= Women's Education Association =

Women's Education Association (WEA) was an American organization focused on better education of women. Founded in 1872, it did a large and varied work. Among other good things, it established training schools for nurses, diet kitchens, and cooking schools, including the Boston Cooking School (1878), the Harvard Examination, the Women's Laboratory, and a summer home for working girls.

==History==
The Women's Education Association was founded by Lucretia Crocker, in Boston, Massachusetts in 1872. Its object is to promote the better education of women, both by gathering information about improved methods of study and teaching and by affording opportunity to its new members to initiate new educational plans. It has about 120 members, with standing committees for executive work. It meets at the house of one of its members once a month, and at each meeting these committees are expected to report any important facts which have come under their notice, and the progress of the work committed to their charge. During each month a special meeting is aleo beld, when members and friends are present and an address is given by some person specially conversant with the subject upon which he speaks.

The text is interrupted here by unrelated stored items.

(* Let $P$ be a finite set of $n$ points in a metric space $(X,d)$, $k\in[n]$, $\alpha\ge1$, and let $\{B(c_1,\alpha r(c_1)),\dots,B(c_m,\alpha r(c_m))\}$ be the balls output by Algorithm 1 on $(P,k,\alpha)$. If $S\subseteq P$ satisfies $S\cap B(c_i,\alpha r(c_i))\neq\emptyset$ for every $i\in[m]$, then for every $x\in P$, $d(x,S)\le 3\alpha\, r(x)$.
   Context: $B(v,\rho)=\{u\in P: d(v,u)\le\rho\}$; the fair radius $r(v)$ is the minimum $\rho\ge0$ with $|B(v,\rho)|\ge n/k$; $d(x,S)=\min_{s\in S}d(x,s)$. Algorithm 1: start with $Z=\emptyset$, $\mathcal{C}=\emptyset$; while $Z\ne P$, pick $c\in\arg\min_{x\in P\setminus Z}r(x)$, add $c$ to $\mathcal{C}$, and add to $Z$ every $x\in P\setminus Z$ with $d(x,c)\le 2\alpha r(x)$; output $\{B(c,\alpha r(c)):c\in\mathcal{C}\}$. *)

From mathcomp Require Import all_boot all_order all_algebra.
From mathcomp Require Import reals.
Set Implicit Arguments. Unset Strict Implicit. Unset Printing Implicit Defensive.
Import Order.TTheory GRing.Theory Num.Theory.
Local Open Scope ring_scope.

Section Defs.
Variables (R : realType) (T : eqType).

Definition is_metric (d : T -> T -> R) : Prop :=
  [/\ forall x y, 0 <= d x y,
      forall x y, d x y = 0 <-> x = y,
      forall x y, d x y = d y x &
      forall x y z, d x z <= d x y + d y z].

(* |B(v, rho)| where B(v,rho) = {u in P : d(v,u) <= rho}; P is duplicate-free *)
Definition ball_card (d : T -> T -> R) (P : seq T) (v : T) (rho : R) : nat :=
  count (fun u => d v u <= rho) P.

Definition is_fair_radius (d : T -> T -> R) (P : seq T) (k : nat) (v : T)
    (rho : R) : Prop :=
  [/\ 0 <= rho,
      (size P)%:R / k%:R <= ( (ball_card d P v rho)%:R :> R) &
      forall rho' : R, 0 <= rho' ->
        (size P)%:R / k%:R <= ( (ball_card d P v rho')%:R :> R) -> rho <= rho'].

(* One iteration of the while-loop of Algorithm 1 with chosen center c:
   add to Z every x in P \ Z with d(x,c) <= 2 alpha r(x). *)
Definition alg_step (d : T -> T -> R) (r : T -> R) (alpha : R) (P : seq T)
    (Z : seq T) (c : T) : seq T :=
  Z ++ [seq x <- P | (x \notin Z) && (d x c <= 2 * alpha * r x)].

(* Z cs : starting from the covered set Z, the sequence of centers
   cs is a possible (tie-breaking-dependent) execution of the remaining loop:
   each center minimizes r over P \ Z, and the loop stops exactly when Z = P. *)
Fixpoint alg_run (d : T -> T -> R) (r : T -> R) (alpha : R) (P : seq T)
    (Z : seq T) (cs : seq T) : Prop :=
  match cs with
  | [::] => {subset P <= Z}
  | c :: cs' =>
      [/\ c \in P, c \notin Z,
          (forall x, x \in P -> x \notin Z -> r c <= r x) &
          alg_run d r alpha P (alg_step d r alpha P Z c) cs']
  end.

Definition algorithm1_centers d r alpha P (cs : seq T) : Prop :=
  alg_run d r alpha P [::] cs.

End Defs.

From mathcomp Require Import all_boot all_order all_algebra.
From mathcomp Require Import reals.
From mathcomp Require Import ring.
Import Order.TTheory GRing.Theory Num.Theory.
Local Open Scope ring_scope.

(* Algorithm 1 runs until every point of P is covered, and a point x leaves
   the uncovered set P \ Z only when some center c is chosen with
   d(x,c) <= 2 alpha r(x); as c minimises r over the uncovered points, x among
   them, also r(c) <= r(x).
   Given such a center c and a point s of S in B(c, alpha r(c)), the triangle
   inequality gives
       d(x,s) <= d(x,c) + d(c,s) <= 2 alpha r(x) + alpha r(c) <= 3 alpha r(x),
   which is Lemma [triangle_via_center].  The main theorem chains the two
   facts (the run starts from Z = [::], so the witness center always exists). *)

Lemma mem_alg_step {R : realType} {T : eqType} (d : T -> T -> R) (r : T -> R)
    (alpha : R) (P Z : seq T) (c x : T) :
  (x \in alg_step d r alpha P Z c) =
  (x \in Z) || [&& x \in P, x \notin Z & d x c <= 2 * alpha * r x].
Proof. by rewrite /alg_step mem_cat mem_filter [in X in _ || X]andbC. Qed.

Lemma alg_run_witness_center {R : realType} {T : eqType} {d : T -> T -> R}
    {r : T -> R} {alpha : R} {P : seq T} {cs Z : seq T} :
  alg_run d r alpha P Z cs -> forall x, x \in P ->
  x \in Z \/ exists2 c, c \in cs & d x c <= 2 * alpha * r x /\ r c <= r x.
Proof.
elim: cs Z => [|c cs IH] Z /= => [PsubZ x xP | [_ _ c_min run] x xP].
  by left; apply: PsubZ.
have [xZ|xNZ] := boolP (x \in Z); first by left.
right; have [dxc|dxc] := boolP (d x c <= 2 * alpha * r x).
  by exists c; [rewrite mem_head | split => //; apply: c_min].
have [|[c' c'cs capt]] := IH _ run x xP.
  by rewrite mem_alg_step (negbTE xNZ) xP (negbTE dxc) andbF.
by exists c' => //; rewrite in_cons c'cs orbT.
Qed.

Lemma triangle_via_center {R : realDomainType} {alpha dxc dcs dxs rx rc : R} :
  0 <= alpha -> dxs <= dxc + dcs ->
  dxc <= 2 * alpha * rx -> dcs <= alpha * rc -> rc <= rx ->
  dxs <= 3 * alpha * rx.
Proof.
move=> alpha_ge0 tri le_dxc le_dcs le_rc.
have le_dcs' : dcs <= alpha * rx by apply: le_trans le_dcs (ler_wpM2l _ le_rc).
have -> : 3 * alpha * rx = 2 * alpha * rx + alpha * rx by ring.
exact: le_trans tri (lerD le_dxc le_dcs').
Qed.

Theorem mainTheorem2 (R : realType) (T : eqType) (d : T -> T -> R)
  (P : seq T) (k : nat) (alpha : R) (r : T -> R) (cs S : seq T) :
  is_metric d ->
  uniq P ->
  (1 <= k <= size P)%N ->
  1 <= alpha ->
  (forall v, v \in P -> is_fair_radius d P k v (r v)) ->
  algorithm1_centers d r alpha P cs ->
  {subset S <= P} ->
  (forall c, c \in cs -> exists2 s, s \in S & d c s <= alpha * r c) ->
  forall x, x \in P -> exists2 s, s \in S & d x s <= 3 * alpha * r x.
Proof.
move=> [_ _ _ tri] _ _ alpha_ge1 _ run _ hit x xP.
have [//|[c c_cs [dxc rcx]]] := alg_run_witness_center run x xP.
have [s sS dcs] := hit c c_cs.
exists s => //; apply: (triangle_via_center _ (tri x c s)) dxc dcs rcx.
exact: le_trans alpha_ge1.
Qed.
(* composition F o G, for G fixing the origin:
   (F o G)_n = degree-n part of sum_{j<=n} F_j(G_{<=n}) *)
Definition fcomp (F G : fmap) : fmap := fun n =>
  let T := trunc G n in
  (hpart n (\sum_(j < n.+1) bsubst (F j).1 T.1 T.2),
   hpart n (\sum_(j < n.+1) bsubst (F j).2 T.1 T.2)).

Definition fid : fmap := fun n => if n == 1%N then (bX, bY) else (0, 0).

Definition tangent_id (F : fmap) : Prop := F 0%N = (0, 0) /\ F 1%N = (bX, bY).

Definition has_order (F : fmap) (m : nat) : Prop :=
  [/\ tangent_id F, (2 <= m)%N,
      (forall j, (2 <= j < m)%N -> F j = (0, 0)) & F m <> (0, 0)].

Definition char_dir (P : bpoly * bpoly) (v : K * K) : Prop :=
  v <> (0, 0) /\ exists l : K, map_eval P v = (l * v.1, l * v.2).

Definition char_dir_deg (F : fmap) (s : nat) (v : K * K) : Prop :=
  exists k : nat, [/\ has_order F k.+1, (k.+1 <= s)%N &
     forall j, (k.+1 <= j <= s)%N -> char_dir (F j) v].

End FormalMaps.

(* Truncated power series in t are modelled as polynomials in 'X, and a formal
   map F is evaluated at a point z of (A[t])^2 as the sum of its homogeneous
   components of degree <= N; modulo t^(N+1) this turns [fcomp] into
   substitution (fev_comp).

   At the generic point T = (X t, Y t) the t^n coefficient of F(T) is F_n.  With
   D = (f - f_1)(Psi T) = O(t^(k+1)) one gets
     g(T) = Phi(f(Psi T)) = Phi(Psi T + D) = T + Phi_1(D)  mod t^(k+2),
   so g = Phi o f o Psi has order k+1 and g_(k+1) = Phi_1 o f_(k+1) o Psi_1, which
   is nonzero because Phi_1 and Psi_1 are inverse linear maps.

   At the point t v, Psi maps the line K[[t]] v into itself, and so does f up to
   degree s; hence Psi(g(t v)) = f(Psi(t v)) lies on the line mod t^(s+1).  As
   Psi_1 is invertible and fixes [v], solving coefficient by coefficient shows
   that g(t v) = phi(t) v mod t^(s+1), i.e. g_j(v) is a multiple of v for j <= s. *)

From HB Require Import structures.
From mathcomp Require Import all_boot all_order all_algebra.
From mathcomp Require Import ring zify.
Import GRing.Theory.
Local Open Scope ring_scope.
Set Implicit Arguments. Unset Strict Implicit. Unset Printing Implicit Defensive.

Lemma commr_rmorph_comRing (aR : nzSemiRingType) (R : comNzRingType) (f : aR -> R) (u : R) :
  commr_rmorph f u.
Proof. by move=> x; rewrite /GRing.comm mulrC. Qed.

Definition bev (K : fieldType) (R : comNzRingType) (i : {rmorphism K -> R}) (x y : R)
    (p : bpoly K) : R :=
  horner_morph (commr_rmorph_comRing (horner_morph (commr_rmorph_comRing i x)) y) p.

#[warnings="-redundant-canonical-projection"]
HB.instance Definition _ (K : fieldType) (R : comNzRingType) (i : {rmorphism K -> R}) (x y : R) :=
  GRing.RMorphism.copy (bev i x y)
    (horner_morph (commr_rmorph_comRing (horner_morph (commr_rmorph_comRing i x)) y)).

Definition bconst (K : fieldType) : {rmorphism K -> bpoly K} := (@polyC _) \o (@polyC _).

Section BivariateEvaluation.
Variables (K : fieldType) (R : comNzRingType) (i : {rmorphism K -> R}).
Implicit Types (p q : bpoly K) (x y : R).

Lemma bevC x y (c : K) : bev i x y c%:P%:P = i c.
Proof. by rewrite /bev; etransitivity; [exact: horner_morphC | exact: horner_morphC]. Qed.

Lemma bevX x y : bev i x y (bX K) = x.
Proof. by rewrite /bev /bX; etransitivity; [exact: horner_morphC | exact: horner_morphX]. Qed.

Lemma bevY x y : bev i x y (bY K) = y.
Proof. exact: horner_morphX. Qed.

(* [rmorphB] does not unify through the copied instance, hence this lemma. *)
Lemma bevB x y p q : bev i x y (p - q) = bev i x y p - bev i x y q.
Proof. by rewrite /bev rmorphB. Qed.

Lemma bevE x y p : bev i x y p =
  \sum_(b < size p) \sum_(a < size p`_b) i p`_b`_a * x ^+ a * y ^+ b.
Proof.
rewrite /bev /horner_morph (horner_coef_wide _ (size_poly _ _)).
apply: eq_bigr => b _; rewrite coef_poly ltn_ord /= /horner_morph.
rewrite (horner_coef_wide _ (size_poly _ _)) mulr_suml.
by apply: eq_bigr => a _; rewrite coef_poly ltn_ord.
Qed.

Lemma bev_homogE j x y p : homog j p ->
  bev i x y p = \sum_(a < j.+1) i p`_(j - a)`_a * x ^+ a * y ^+ (j - a).
Proof.
move=> hp; rewrite -[p in LHS]hp /hpart rmorph_sum; apply: eq_bigr => a _.
by rewrite !rmorphM !rmorphXn /= bevC bevX bevY.
Qed.

Lemma bev_homogZ j c x y p : homog j p -> bev i (c * x) (c * y) p = c ^+ j * bev i x y p.
Proof.
move=> hp; rewrite !(bev_homogE _ _ hp) mulr_sumr; apply: eq_bigr => a _.
have -> : c ^+ j = c ^+ a * c ^+ (j - a) by rewrite -exprD subnKC // -ltnS.
by rewrite !exprMn; ring.
Qed.

Lemma bev_homog1D p x y x' y' : homog 1 p ->
  bev i (x + x') (y + y') p = bev i x y p + bev i x' y' p.
Proof.
move=> hp; rewrite !(bev_homogE _ _ hp) !big_ord_recr !big_ord0 /= !add0r.
by rewrite !expr0 !expr1 !mulr1; ring.
Qed.

End BivariateEvaluation.

Lemma bev_map (K : fieldType) (R1 R2 : comNzRingType) (i1 : {rmorphism K -> R1})
    (i2 : {rmorphism K -> R2}) (phi : {rmorphism R1 -> R2}) x y p :
  (forall c, i2 c = phi (i1 c)) -> phi (bev i1 x y p) = bev i2 (phi x) (phi y) p.
Proof.
move=> h; rewrite !bevE rmorph_sum; apply: eq_bigr => b _.
by rewrite rmorph_sum; apply: eq_bigr => a _; rewrite !rmorphM !rmorphXn h.
Qed.

Lemma bev_comp (K : fieldType) (R : comNzRingType) (i : {rmorphism K -> R}) x y p q1 q2 :
  bev i x y (bev (bconst K) q1 q2 p) = bev i (bev i x y q1) (bev i x y q2) p.
Proof. by apply: (@bev_map K _ R (bconst K) i (bev i x y)) => c; rewrite /= bevC. Qed.

Lemma bev_bXbY (K : fieldType) (p : bpoly K) : bev (bconst K) (bX K) (bY K) p = p.
Proof.
rewrite bevE -[p in RHS]coefK poly_def; apply: eq_bigr => b _.
rewrite /bY -mul_polyC -mulr_suml; congr (_ * _).
rewrite -[p`_b in RHS]coefK poly_def rmorph_sum; apply: eq_bigr => a _.
by rewrite /bX /= -mul_polyC -rmorphXn -rmorphM.
Qed.

Lemma beval_bev (K : fieldType) (p : bpoly K) x y : beval p x y = bev idfun x y p.
Proof.
rewrite bevE /beval (horner_coef p) -[_.[x]]/(horner_eval x _) rmorph_sum.
apply: eq_bigr => b _; rewrite rmorphM rmorphXn /= /horner_eval hornerC (horner_coef p`_b).
rewrite mulr_suml.
by apply: eq_bigr => a _.
Qed.

Section HomogeneousParts.
Variable K : fieldType.
Implicit Types p q : bpoly K.

Lemma bpolyP p q : (forall a b, p`_b`_a = q`_b`_a) -> p = q.
Proof. by move=> h; apply/polyP => b; apply/polyP => a; apply: h. Qed.

Definition bmonomial (c : K) (a b : nat) : bpoly K := c%:P%:P * bX K ^+ a * bY K ^+ b.

Lemma coef_bmonomial c a b m n :
  (bmonomial c a b)`_n`_m = if (m == a) && (n == b) then c else 0.
Proof.
rewrite /bmonomial /bX /bY -rmorphXn -rmorphM coefMXn.
case: ltnP => hnb.
  by rewrite coef0 (_ : (n == b) = false) ?andbF //; apply/negbTE; rewrite neq_ltn hnb.
rewrite coefC subn_eq0; have -> : (n == b) = (n <= b)%N by rewrite eqn_leq hnb andbT.
case: (n <= b)%N; last by rewrite andbF coef0.
by rewrite andbT coefCM coefXn; case: (m == a); rewrite ?mulr1 ?mulr0.
Qed.

Lemma hpart_coef n p a b : (hpart n p)`_b`_a = if (a + b == n)%N then p`_b`_a else 0.
Proof.
rewrite /hpart !coef_sum.
case: eqP => hab; last first.
  apply: big1 => j _; rewrite -/(bmonomial _ _ _) coef_bmonomial.
  case: eqP => //= haj; case: eqP => // hb.
  by case: hab; rewrite haj hb subnKC // -ltnS.
have ha : (a < n.+1)%N by rewrite -hab ltnS leq_addr.
rewrite (bigD1 (Ordinal ha)) //= big1 ?addr0.
  by rewrite -/(bmonomial _ _ _) coef_bmonomial eqxx -hab addKn eqxx.
move=> j hj; rewrite -/(bmonomial _ _ _) coef_bmonomial; case: eqP => // haj.
by move: hj; rewrite -(inj_eq val_inj) /= haj eqxx.
Qed.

It has thus been the means of organizing a Training School for Nurses, at present in successful operation in connection with the Massachusetts General Hospital. It bas helped to establish Diet Kitchens for supplying suitable food to the sick poor, and they are now a valuable part of the benevolent work of the city. By its parlor meetings it has stimulated the interest long felt in the introduction of sewing into the girls' schools, which is now taught with marked success. In the same way public attention was called to the necessity of establishing a separate prison for women.

The aid of the Association was also given to the formation of a class of women for the study of advanced chemistry at the laboratory of the Girls' High School. This class was found to meet so great a want that a chemical laboratory has been fitted up in connection with the Massachusetts Institute of Technology, and furnished by money collected by the association with apparatus and instruments, such as microscopes, spectroscopes, &c. From time to time pecuniary aid has also been given to young women seeking an advanced education.

But the chief work of the Association —the first undertaken and still carried on under its charge- is a plan of examinations known as the Harvard Examinations for Women. These originated in a desire to raise the standard of education in the schools for girls, and are held under the personal supervision of members of the Association. Examination papers, prepared by Professors at Harvard University, are provided by the Association, and those women who successfully pass this examination receive a certificate from the university stating the fact. Branch societies have been established in New York City, Philadelphia, and Cincinnati for the same purpose.